You are viewing a plain text version of this content. The canonical link for it is here.

Posted to user@spark.apache.org by Divya Gehlot <di...@gmail.com> on 2016/02/22 05:45:28 UTC

Error :Type mismatch error when passing hdfs file path to spark-csv load method

Hi,
I am trying to dynamically create Dataframe by reading subdirectories under
parent directory

My code looks like

> import org.apache.spark._
> import org.apache.spark.sql._
> val hadoopConf = new org.apache.hadoop.conf.Configuration()
> val hdfsConn = org.apache.hadoop.fs.FileSystem.get(new
> java.net.URI("hdfs://xxx.xx.xx.xxx:8020"), hadoopConf)
> hdfsConn.listStatus(new
> org.apache.hadoop.fs.Path("/TestDivya/Spark/ParentDir/")).foreach{
> fileStatus =>
>    val filePathName = fileStatus.getPath().toString()
>    val fileName = fileStatus.getPath().getName().toLowerCase()
>    var df =  "df"+fileName
>    df =
> sqlContext.read.format("com.databricks.spark.csv").option("header",
> "true").option("inferSchema", "true").load(filePathName)
> }


getting below error

> <console>:35: error: type mismatch;
>  found   : org.apache.spark.sql.DataFrame
>  required: String
>                  df =
> sqlContext.read.format("com.databricks.spark.csv").option("header",
> "true").option("inferSchema", "true").load(filePathName)


Am I missing something ?

Would really appreciate the help .


Thanks,
Divya

Re: Error :Type mismatch error when passing hdfs file path to spark-csv load method

Posted by Jonathan Kelly <jo...@gmail.com>.

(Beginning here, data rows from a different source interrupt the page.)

(* For the reduction instance $NTP([a_j]_{j\in A},W)$, the optimal value satisfies $B(S^* )=W$ if and only if there exists $A^*\subseteq A$ with $\sum_{j\in A^*}a_j=W$.
   Context: Reduction instance. Let $N\ge1$, $A=\{1,\dots,N\}$, positive integers $a_1,\dots,a_N$, positive integer $W\le\sum_{j\in A}a_j$. Set $M=N+\sum_{j\in A}a_j+1$, employees $\mathcal E=\{1,\dots,M\}$ (smaller index = more senior). For $k\in A$: $i_k=k+\sum_{j=1}^{k-1}a_j$ (critical employees), $\mathcal E^S_k=\{i: i_k<i\le i_k+a_k\}$ (stable block). Response delays: $r_{i_k}=\sum_{j=1}^{k}a_j$; for $i\in\mathcal E^S_k$, $r_i=\sum_{j=1}^{k-1}a_j$; $r_M=\sum_{j\in A}a_j$. Let $C^*_0=2\sum_j a_j$ and $H=C^*_0-W$. A schedule $S=(s_i,e_i)_{i\in\mathcal E}$ has $s_i\ge0$, $e_i=s_i+r_i$; it is feasible if $s_1\le\dots\le s_M$ and $e_i\le H$ for all $i$. $b_i=|\{j: i<j,\ e_j<e_i\}|$, $B(S)=\sum_i b_i$. $S^*$ denotes an optimal schedule, i.e. a feasible schedule minimizing $B(S)$. *)

From mathcomp Require Import all_boot all_order all_algebra.
Set Implicit Arguments. Unset Strict Implicit. Unset Printing Implicit Defensive.
Import Order.TTheory GRing.Theory Num.Theory.

Section NTP.
Variable (N : nat) (a : nat -> nat) (W : nat).
(* Items are j = 1..N, with sizes a j; employees are i = 1..M. *)

Definition psum (k : nat) : nat := \sum_(1 <= j < k.+1) a j.
Definition total_size : nat := psum N.
Definition M : nat := N + total_size + 1.
Definition crit (k : nat) : nat := k + psum k.-1.
Definition in_stable (k i : nat) : bool := (crit k < i) && (i <= crit k + a k).

(* response delays r_i; the critical employees and stable blocks are
   pairwise disjoint and together with M cover 1..M, so exactly one
   summand (or the M-branch) contributes. *)
Definition delay (i : nat) : nat :=
  if i == M then total_size
  else \sum_(1 <= k < N.+1)
         (if i == crit k then psum k
          else if in_stable k i then psum k.-1 else 0).

Definition H : nat := 2 * total_size - W.

Section Sched.
Variable R : realFieldType.
Local Open Scope ring_scope.

(* a schedule is given by its start times s_i (i = 1..M); e_i = s_i + r_i *)
Definition finish (s : nat -> R) (i : nat) : R := s i + (delay i)%:R.

Definition feasible (s : nat -> R) : Prop :=
  (forall i, (1 <= i <= M)%N -> 0 <= s i) /\
  (forall i, (1 <= i < M)%N -> s i <= s i.+1) /\
  (forall i, (1 <= i <= M)%N -> finish s i <= (H%:R : R)).

Definition bcount (s : nat -> R) (i : nat) : nat :=
  (\sum_(i.+1 <= j < M.+1) nat_of_bool (finish s j < finish s i)%R)%N.

Definition Bval (s : nat -> R) : nat := (\sum_(1 <= i < M.+1) bcount s i)%N.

On the line preceding the one that the compiler is complaining about (which
doesn't actually have a problem in itself), you declare df as
"df"+fileName, making it a string. Then you try to assign a DataFrame to
df, but it's already a string. I don't quite understand your intent with
that previous line, but I'm guessing you didn't mean to assign a string to
df.

~ Jonathan
On Sun, Feb 21, 2016 at 8:45 PM Divya Gehlot <di...@gmail.com>
wrote:

> Hi,
> I am trying to dynamically create Dataframe by reading subdirectories
> under parent directory
>
> My code looks like
>
>> import org.apache.spark._
>> import org.apache.spark.sql._
>> val hadoopConf = new org.apache.hadoop.conf.Configuration()
>> val hdfsConn = org.apache.hadoop.fs.FileSystem.get(new
>> java.net.URI("hdfs://xxx.xx.xx.xxx:8020"), hadoopConf)
>> hdfsConn.listStatus(new
>> org.apache.hadoop.fs.Path("/TestDivya/Spark/ParentDir/")).foreach{
>> fileStatus =>
>>    val filePathName = fileStatus.getPath().toString()
>>    val fileName = fileStatus.getPath().getName().toLowerCase()
>>    var df =  "df"+fileName
>>    df =
>> sqlContext.read.format("com.databricks.spark.csv").option("header",
>> "true").option("inferSchema", "true").load(filePathName)
>> }
>
>
> getting below error
>
>> <console>:35: error: type mismatch;
>>  found   : org.apache.spark.sql.DataFrame
>>  required: String
>>                  df =
>> sqlContext.read.format("com.databricks.spark.csv").option("header",
>> "true").option("inferSchema", "true").load(filePathName)
>
>
> Am I missing something ?
>
> Would really appreciate the help .
>
>
> Thanks,
> Divya
>
>